Well, if you do come out to the house they's a term that you want to lay off of when the Missus is in the room. Don't say: "San Susie!"
It sounds harmless enough, don't it? They ain't nothin' to it even when it's transferred over from the Latin, "Without no cares." But just leave her hear it mentioned and watch her grab the two deadliest weapons that's within reach, one to use on you or whoever said it, and the other on me, on general principles.
You think I'm stringin' you, and I admit you got cause--that is, till you've heard the details of our latest plunge in the cesspools o'
Society.
II
It was a Friday evenin' about three weeks ago when I come home and found the Wife quaverin' with excitement.
"Who do you think called up?" she ast me.
"I got no idear," I says.
"Guess!" says she.
So I had to guess.
"Josephus Daniels," I says. "Or Henry Ford. Or maybe it was that guy with the scar on his lip that you thought was smilin' at you the other day."
"You couldn't never guess," she says. "It was Mrs. Messenger."
"Which one?" I ast her. "You can't mean Mrs. A. D. T. Messenger."
"If you're so cute I won't tell you nothin' about it," says she.
"Don't make no rash threats," I says. "You're goin' to tell me some time and they's no use makin' yourself sick by tryin' to hold it in."

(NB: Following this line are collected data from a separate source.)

Lemma exprn_eventually_lt (r e : R) : 0 <= r < 1 -> 0 < e -> exists N, r ^+ N < e.
Proof.
case/andP=> r_ge0 r_lt1 e_gt0.
have et_gt0 : 0 < e * (1 - r) by rewrite mulr_gt0 ?subr_gt0.
pose N := Num.Def.archi_bound (e * (1 - r))^-1; exists N.
have : (e * (1 - r))^-1 < N%:R by rewrite archi_boundP // invr_ge0 ltW.
rewrite -(ltr_pM2l et_gt0) mulfV ?lt0r_neq0 // => lt1.
have bern : r ^+ N * (1 + N%:R * (1 - r)) <= 1 by rewrite exprn_bernoulli // r_ge0 ltW.
have t_ge0 : 0 <= N%:R * (1 - r) by rewrite mulr_ge0 ?ler0n // subr_ge0 ltW.
rewrite ltNge; apply/negP => /(ler_wpM2r t_ge0).
by move: (exprn_ge0 N r_ge0); clear -lt1 bern; lra.
Qed.

Lemma geometric_eventually_lt (c r e : R) : 0 < c -> 0 <= r < 1 -> 0 < e ->
  exists N, forall n, (N <= n)%N -> c * r ^+ n < e.
Proof.
move=> c_gt0 r01 e_gt0; case/andP: (r01) => r_ge0 r_lt1.
have [N ltN] := exprn_eventually_lt r01 (divr_gt0 e_gt0 c_gt0).
exists N => n le_Nn; rewrite mulrC -ltr_pdivlMr //.
by apply: le_lt_trans ltN; rewrite ler_wiXn2l // ltW.
Qed.

Lemma subr_geometric_sum (r : R) n m : (n <= m)%N ->
  (1 - r) * \sum_(n <= k < m) r ^+ k = r ^+ n - r ^+ m.
Proof.
move=> /subnKC <-; elim: (m - n)%N => [|d IH].
  by rewrite addn0 big_geq // mulr0 subrr.
by rewrite addnS big_nat_recr ?leq_addr //= mulrDr IH exprS mulrBl mul1r addrA subrK.
Qed.

Lemma geometric_sum_le (r : R) n m : 0 <= r < 1 ->
  \sum_(n <= k < m) r ^+ k <= r ^+ n / (1 - r).
Proof.
case/andP=> r_ge0 r_lt1; have t_gt0 : 0 < 1 - r by rewrite subr_gt0.
rewrite ler_pdivlMr // mulrC; case: (leqP n m) => [le_nm | lt_mn].
  by rewrite subr_geometric_sum // lerBlDr lerDl exprn_ge0.
by rewrite big_geq ?(ltnW lt_mn) // mulr0 exprn_ge0.
Qed.

End Geometric.

Lemma exprn_half_odd (R : pzSemiRingType) (y : R) k :
  y ^+ k = y ^+ k./2 * y ^+ odd k * y ^+ k./2.
Proof. by rewrite -!exprD addnAC addnn addnC odd_double_half. Qed.

Section StarAlgebra.
Variables (A : algType rat) (st : A -> A).
Hypothesis hst : star_alg st.

Local Notation pos := (pos_cone st).

Lemma starD x y : st (x + y) = st x + st y.
Proof. by have := star_linear hst 1 x y; rewrite !scale1r. Qed.

Lemma star0 : st 0 = 0.
Proof. by apply: (@addrI _ (st 0)); rewrite -starD !addr0. Qed.

Lemma starZ (c : rat) x : st (c *: x) = c *: st x.
Proof. by have := star_linear hst c x 0; rewrite !addr0 star0 addr0. Qed.

Lemma starN x : st (- x) = - st x.
Proof. by rewrite -scaleN1r starZ scaleN1r. Qed.

Lemma starB x y : st (x - y) = st x - st y.
Proof. by rewrite starD starN. Qed.

Lemma starM x y : st (x * y) = st y * st x.
Proof. exact: star_mul. Qed.

Lemma star1 : st 1 = 1.
Proof. by have := starM 1 (st 1); rewrite mul1r (star_invol hst) mul1r => /esym. Qed.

"You know very well what Mrs. Messenger I mean," she says. "It was Mrs.
Robert Messenger that's husband owns this buildin' and the one at the corner, where they live at."

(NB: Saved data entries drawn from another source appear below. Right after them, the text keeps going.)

Lemma convex_slope_mono f a1 b1 a2 b2 : convex_fun f -> a1 < b1 -> a2 < b2 ->
  a1 <= a2 -> b1 <= b2 -> slope f a1 b1 <= slope f a2 b2.
Proof.
  intros Hc H1 H2 Ha Hb. unfold slope.
  apply Rle_trans with ((f b2 - f a1) / (b2 - a1)).
  - destruct (Rle_lt_or_eq_dec _ _ Hb) as [Hlt|<-]; [|lra].
    pose proof (convex_three_points f a1 b1 b2 Hc ltac:(lra)).
    apply Rdiv_le_cross; lra.
  - destruct (Rle_lt_or_eq_dec _ _ Ha) as [Hlt|<-]; [|lra].
    pose proof (convex_three_points f a1 a2 b2 Hc ltac:(lra)).
    apply Rdiv_le_cross; lra.
Qed.

Lemma lipschitz_slope_bound f M a b : lipschitz_fun f M -> a < b -> Rabs (slope f a b) <= M.
Proof.
  intros Hl Hab. unfold slope, Rdiv. rewrite Rabs_mult, Rabs_inv.
  pose proof (Hl b a) as Hba. rewrite (Rabs_right (b - a)) in * by lra.
  apply Rmult_le_reg_r with (b - a); [lra|].
  replace (Rabs (f b - f a) * / (b - a) * (b - a)) with (Rabs (f b - f a)) by (field; lra).
  lra.
Qed.

Lemma convex_differentiable_of_small_gap f t : convex_fun f ->
  (forall eps, 0 < eps -> exists h, 0 < h /\ slope_gap f t h < eps) ->
  exists L, one_sided_deriv f t 1 L /\ one_sided_deriv f t (-1) (- L).
Proof.
  intros Hc Hgap.
  destruct (completeness (fun v => exists h, 0 < h /\ v = slope f (t - h) t)) as [L [Hub Hlub]].
  - exists (slope f t (t + 1)). intros v [h [Hh ->]]. apply convex_slope_mono; auto; lra.
  - exists (slope f (t - 1) t), 1. split; [lra | reflexivity].
  - assert (Hleft : forall h, 0 < h -> slope f (t - h) t <= L).
    { intros h Hh. apply Hub. exists h; auto. }
    assert (Hright : forall h, 0 < h -> L <= slope f t (t + h)).
    { intros h Hh. apply Hlub. intros v [h' [Hh' ->]]. apply convex_slope_mono; auto; lra. }
    exists L. split; intros eps Heps; destruct (Hgap eps Heps) as [h [Hh Hsmall]];
      exists h; split; auto; intros lam Hlam; unfold slope_gap in Hsmall.
    + replace ((f (t + lam * 1) - f t) / lam) with (slope f t (t + lam))
        by (unfold slope; replace (t + lam * 1) with (t + lam) by ring; field; lra).
      assert (slope f t (t + lam) <= slope f t (t + h)) by (apply convex_slope_mono; auto; lra).
      pose proof (Hright lam (proj1 Hlam)). pose proof (Hleft h Hh).
      rewrite Rabs_right; lra.
    + replace ((f (t + lam * -1) - f t) / lam - - L) with (L - slope f (t - lam) t)
        by (unfold slope; replace (t + lam * -1) with (t - lam) by ring; field; lra).
      assert (slope f (t - h) t <= slope f (t - lam) t) by (apply convex_slope_mono; auto; lra).
      pose proof (Hleft lam (proj1 Hlam)). pose proof (Hright h Hh).
      rewrite Rabs_right; lra.
Qed.

Lemma bounded_seq_slow_step (s : nat -> R) M d m :
  (forall j, (j <= 2 * m)%nat -> Rabs (s j) <= M) -> 2 * M < INR m * d ->
  exists i, (i + 2 <= 2 * m)%nat /\ s (i + 2)%nat - s i < d.
Proof.
  intros Hb Hm. apply NNPP; intro Hno.
  assert (Hgrow : forall k, (k <= m)%nat -> s 0%nat + INR k * d <= s (2 * k)%nat).
  { induction k as [|k IH]; intro Hk; [simpl; lra|].
    assert (d <= s (2 * k + 2)%nat - s (2 * k)%nat).
    { apply Rnot_lt_le; intro Hlt; apply Hno; exists (2 * k)%nat; split; [lia | exact Hlt]. }
    replace (2 * S k)%nat with (2 * k + 2)%nat by lia. rewrite S_INR.
    specialize (IH ltac:(lia)). lra. }
  pose proof (Hgrow m (le_n m)).
  pose proof (Hb 0%nat ltac:(lia)) as H0. pose proof (Hb (2 * m)%nat (le_n _)) as H2m.
  pose proof (Rle_abs (- s 0%nat)). rewrite Rabs_Ropp in *.
  pose proof (Rle_abs (s (2 * m)%nat)). lra.
Qed.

"Haven't you paid the rent?" I says.
"Do you think a woman like Mrs. Messenger would be b.u.t.tin' into her husband's business?" says the Missus.
"I don't know what kind of a woman Mrs. Messenger is," I says. "But if I owned these here apartments and somebody fell behind in their rent, I wouldn't be surprised to see the owner's wife goin' right over to their flat and takin' it out o' their trousers pocket."

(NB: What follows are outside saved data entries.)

Import Order.TTheory GRing.Theory Num.Theory.
Local Open Scope ring_scope.
Local Open Scope classical_set_scope.

(* A finite-dimensional quantum system, written in an energy eigenbasis:     *)
Record system (R : realType) := Sys {
  sidx : finType;
  energy : sidx -> R }.

Definition op (R : realType) (S : system R) := sidx S -> sidx S -> R[i].

Definition expi (R : realType) (x : R) : R[i] := Complex (cos x) (sin x).

(* e^{-i H t} sigma e^{i H t}, entrywise in the energy eigenbasis:
   (a,b) entry = e^{-i E_a t} sigma_ab e^{i E_b t}. *)
Definition evolve (R : realType) (S : system R) (t : R) (sigma : op S) : op S :=
  fun a b => expi (- (energy a * t)) * sigma a b * expi (energy b * t).

Definition is_state (R : realType) (S : system R) (sigma : op S) : Prop :=
  [/\ (forall a b, sigma b a = (sigma a b)^*),
      (forall v : sidx S -> R[i],
          0 <= \sum_a \sum_b (v a)^* * sigma a b * v b)
    & \sum_a sigma a a = 1].

Definition is_pure (R : realType) (S : system R) (sigma : op S) : Prop :=
  exists psi : sidx S -> R[i], sigma = fun a b => psi a * (psi b)^*.

Definition coherent (R : realType) (S : system R) (sigma : op S) : Prop :=
  exists t : R, evolve t sigma <> sigma.

Definition full_rank (R : realType) (S : system R) (sigma : op S) : Prop :=
  forall v : sidx S -> R[i], (forall a, \sum_b sigma a b * v b = 0) -> v = (fun _ => 0).

(* D(sigma) = {E_k - E_l : Pi_k sigma Pi_l <> 0}; in the eigenbasis
   Pi_k sigma Pi_l <> 0 iff sigma a b <> 0 for some a, b with energies E_k, E_l. *)
Definition Dset (R : realType) (S : system R) (sigma : op S) : set R :=
  [set x | exists a b, sigma a b <> 0 /\ x = energy a - energy b].

Definition Cset (R : realType) (S : system R) (sigma : op S) : set R :=
  [set x | exists s : seq (int * R),
      (forall p, p \in s -> Dset sigma p.2) /\
      x = \sum_(p <- s) p.1%:~R * p.2].

Definition is_channel (R : realType) (X Y : system R) (L : op X -> op Y) : Prop :=
  exists (m : nat) (K : 'I_m -> sidx Y -> sidx X -> R[i]),
    (forall a b : sidx X,
        \sum_(k < m) \sum_(c : sidx Y) (K k c a)^* * K k c b = (a == b)%:R) /\
    (forall sigma : op X, L sigma =
        fun c d => \sum_(k < m) \sum_(a : sidx X) \sum_(b : sidx X)
                     K k c a * sigma a b * (K k d b)^*).

Definition covariant (R : realType) (X Y : system R) (L : op X -> op Y) : Prop :=
  forall (sigma : op X) (t : R), L (evolve t sigma) = evolve t (L sigma).

Definition tens (R : realType) (S : system R) (n : nat) : system R :=
  @Sys R {ffun 'I_n -> sidx S} (fun x => \sum_(i < n) energy (x i)).

Definition tpow (R : realType) (S : system R) (n : nat) (sigma : op S)
  : op (tens S n) :=
  fun x y => \prod_(i < n) sigma (x i) (y i).
Arguments tpow {R S} n sigma.

(* Single-copy marginal on copy j (partial trace over all other copies). *)
Definition marginal (R : realType) (S : system R) (n : nat) (j : 'I_n)
    (omega : op (tens S n)) : op S :=
  fun a b => \sum_(x : {ffun 'I_n -> sidx S} | x j == a)
             \sum_(y : {ffun 'I_n -> sidx S} |
                     (y j == b) && [forall i, (i != j) ==> (x i == y i)])
               omega x y.

Definition achievable (R : realType) (S S' : system R) (rho : op S) (rho' : op S')
    (n : nat) (r : R) : Prop :=
  0 <= r /\
  exists L : op (tens S n) -> op (tens S' (Num.truncn (r * n%:R))),
    [/\ is_channel L, covariant L
      & forall j : 'I_(Num.truncn (r * n%:R)), marginal j (L (tpow n rho)) = rho'].

Definition rate0 (R : realType) (S S' : system R) (rho : op S) (rho' : op S')
  : \bar R :=
  limn_esup (fun n => ereal_sup [set r%:E | r in achievable rho rho' n]).

(* A covariant channel only moves weight between matrix entries with equal
   Bohr frequencies E_a - E_b, and so does each single-copy marginal of its
   output.  Hence every mode of Lambda(rho^{(x) n}) is a sum of modes of rho,
   which rules out (1).  In case (2), rho^{(x) n} >= lam Id for some lam > 0,
   so lam Lambda(Id) <= rho'; a positive operator dominated by the pure state
   rho' is a multiple k rho', and k > 0 by trace preservation.  The identity is
   time invariant and Lambda is covariant, so k rho', hence rho', is time
   invariant, contradicting coherence.  Applied to the marginal of an achieving
   channel, this forces floor(r n) = 0, i.e. r < 1/n, at every blocklength n,
   so the limsup vanishes. *)

From HB Require Import structures.
From mathcomp Require Import all_boot all_order all_algebra.
From mathcomp Require Import all_classical all_reals.
From mathcomp Require Import ereal topology normedtype sequences exp trigo.
From mathcomp Require Import complex.
From mathcomp Require Import ring lra sesquilinear spectral.

Import Order.TTheory GRing.Theory Num.Theory.
Local Open Scope ring_scope.
Local Open Scope classical_set_scope.

Set Implicit Arguments.
Unset Strict Implicit.
Unset Printing Implicit Defensive.

Section Phases.
Variable R : realType.

Lemma expiD (x y : R) : expi x * expi y = expi (x + y).
Proof. by rewrite /expi cosD sinD; simpc; congr Complex; ring. Qed.

Lemma expi0 : expi (0 : R) = 1.
Proof. by rewrite /expi cos0 sin0. Qed.

Lemma expi_freq_inj (w1 w2 : R) :
  (forall t, expi (w1 * t) = expi (w2 * t)) -> w1 = w2.
Proof.
move=> h; apply/eqP; rewrite -subr_eq0; apply/negP => /negP nz.
set t := pi / 2 / (w1 - w2).
have := congr1 (fun z => z * expi (- (w2 * t))) (h t).
rewrite !expiD subrr expi0 -mulNr -mulrDl /t mulrCA divff // mulr1.
by rewrite /expi sin_pihalf => -[_] /eqP; rewrite oner_eq0.
Qed.

Lemma evolveE (S : system R) t (sigma : op S) a b :
  evolve t sigma a b = expi (- ((energy a - energy b) * t)) * sigma a b.
Proof. by rewrite /evolve mulrAC expiD; congr (expi _ * _); ring. Qed.

End Phases.

Lemma sum_neq0P (V : nmodType) (T : finType) (P : pred T) (F : T -> V) :
  \sum_(a | P a) F a != 0 -> exists2 a, P a & F a != 0.
Proof.
apply: contraNP => /forall2NP h; apply/eqP/big1 => a Pa.
by have [//|/negP/negbNE/eqP] := h a.
Qed.

Lemma sum_delta (K : pzSemiRingType) (T : finType) (u : T) (F : T -> K) :
  \sum_x (x == u)%:R * F x = F u.
Proof.
rewrite (bigD1 u) //= [X in _ + X]big1 ?addr0; first by rewrite eqxx mul1r.
by move=> x /negbTE ->; rewrite mul0r.
Qed.

Lemma natr_andb (K : pzSemiRingType) (b1 b2 : bool) :
  (b1 && b2)%:R = b1%:R * b2%:R :> K.
Proof. by case: b1; case: b2; rewrite ?mul1r ?mul0r. Qed.

Lemma ffun_eq_prod (K : comPzSemiRingType) (T : finType) n (x y : {ffun 'I_n -> T}) :
  (x == y)%:R = \prod_i (x i == y i)%:R :> K.
Proof.
have [->|/eqP ne] := eqVneq x y; first by rewrite big1 // => i _; rewrite eqxx.
have [i hi] : exists i, x i != y i.
  apply/existsP; apply: contra_notT ne => /existsPn h.
  by apply/ffunP => i; apply/eqP/negPn.
by rewrite (bigD1 i) //= (negbTE hi) mul0r.
Qed.

Section QuadraticForms.
Variable R : realType.
Local Notation C := R[i].

Lemma quad_ge0_lin_coef0 (c g : R) :
  0 <= g -> (forall s, 0 <= s * c + s ^+ 2 * g) -> c = 0.
Proof.
move=> g0 H; have d0 : 0 < g + 1 by lra.
have := H (- c / (g + 1)).
have -> : (- c / (g + 1)) * c + (- c / (g + 1)) ^+ 2 * g = - (c ^+ 2) / (g + 1) ^+ 2.
  by field; lra.
rewrite -mulNr pmulr_lge0 ?invr_gt0 ?exprn_gt0 // => h.
by apply/eqP; rewrite -sqrf_eq0; apply/eqP; nra.
Qed.

Lemma quadC_ge0_lin_coef0 (al be ga : C) : 0 <= ga ->
  (forall t, 0 <= t^* * al + t * be + t * t^* * ga) -> al = 0 /\ be = 0.
Proof.
case: al => a1 a2; case: be => b1 b2; case: ga => g1 g2.
rewrite lecE /= => /andP[/eqP g20 g10] H.
have re s : 0 <= s * (a1 + b1) + s ^+ 2 * g1 /\ s * (a2 + b2) = 0.
  have := H (s +i* 0)%C; rewrite /= lecE /= => /andP[/eqP h1 h2].
  by rewrite g20 expr2 in h1 h2 *; split; nra.
have im s : 0 <= s * (a2 - b2) + s ^+ 2 * g1 /\ s * (b1 - a1) = 0.
  have := H (0 +i* s)%C; rewrite /= lecE /= => /andP[/eqP h1 h2].
  by rewrite g20 expr2 in h1 h2 *; split; nra.
have q1 := quad_ge0_lin_coef0 g10 (fun s => (re s).1).
have q2 := quad_ge0_lin_coef0 g10 (fun s => (im s).1).
have := (re 1).2; have := (im 1).2; rewrite !mul1r => r2 r1.
have [-> ->] : a1 = 0 /\ b1 = 0 by split; lra.
by have [-> ->] : a2 = 0 /\ b2 = 0 by split; lra.
Qed.

Definition qf (T : finType) (v w : T -> C) (A : T -> T -> C) :=
  \sum_a \sum_b (v a)^* * A a b * w b.

Definition psd (T : finType) (A : T -> T -> C) := forall v, 0 <= qf v v A.

Definition id_op (T : finType) (x y : T) : C := (x == y)%:R.

Section Generic.
Variable T : finType.
Implicit Types (A B : T -> T -> C) (v w : T -> C).

Lemma qfE v w A : qf v w A = \sum_a (v a)^* * \sum_b A a b * w b.
Proof.
by apply: eq_bigr => a _; rewrite mulr_sumr; apply: eq_bigr => b _; rewrite mulrA.
Qed.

"Well," says the Wife, "we don't owe them no rent and that wasn't what she called up about. It wasn't no business call."
"Go ahead and spill it," I says. "My heart's weak."
"Well," she says, "I was just gettin' through with the lunch dishes and the phone rang."
"I bet you wondered who it was," says I.
"I thought it was Mrs. Hatch or somebody," says the Wife. "So I run to the phone and it was Mrs. Messenger. So the first thing she says was to explain who she was--just like I didn't know. And the next thing she ast was did I play bridge."
"And what did you tell her?" says I.
"What do you think I'd tell her?" says the Missus. "I told her yes."
"Wasn't you triflin' a little with the truth?" I ast her.
"Certainly not!" she says. "Haven't I played twice over to Hatches'? So then she ast me if my husband played bridge, too. And I told her yes, he did."
"What was the idear?" I says. "You know I didn't never play it in my life."
"I don't know no such a thing," she says. "For all as I know, you may play all day down to the office."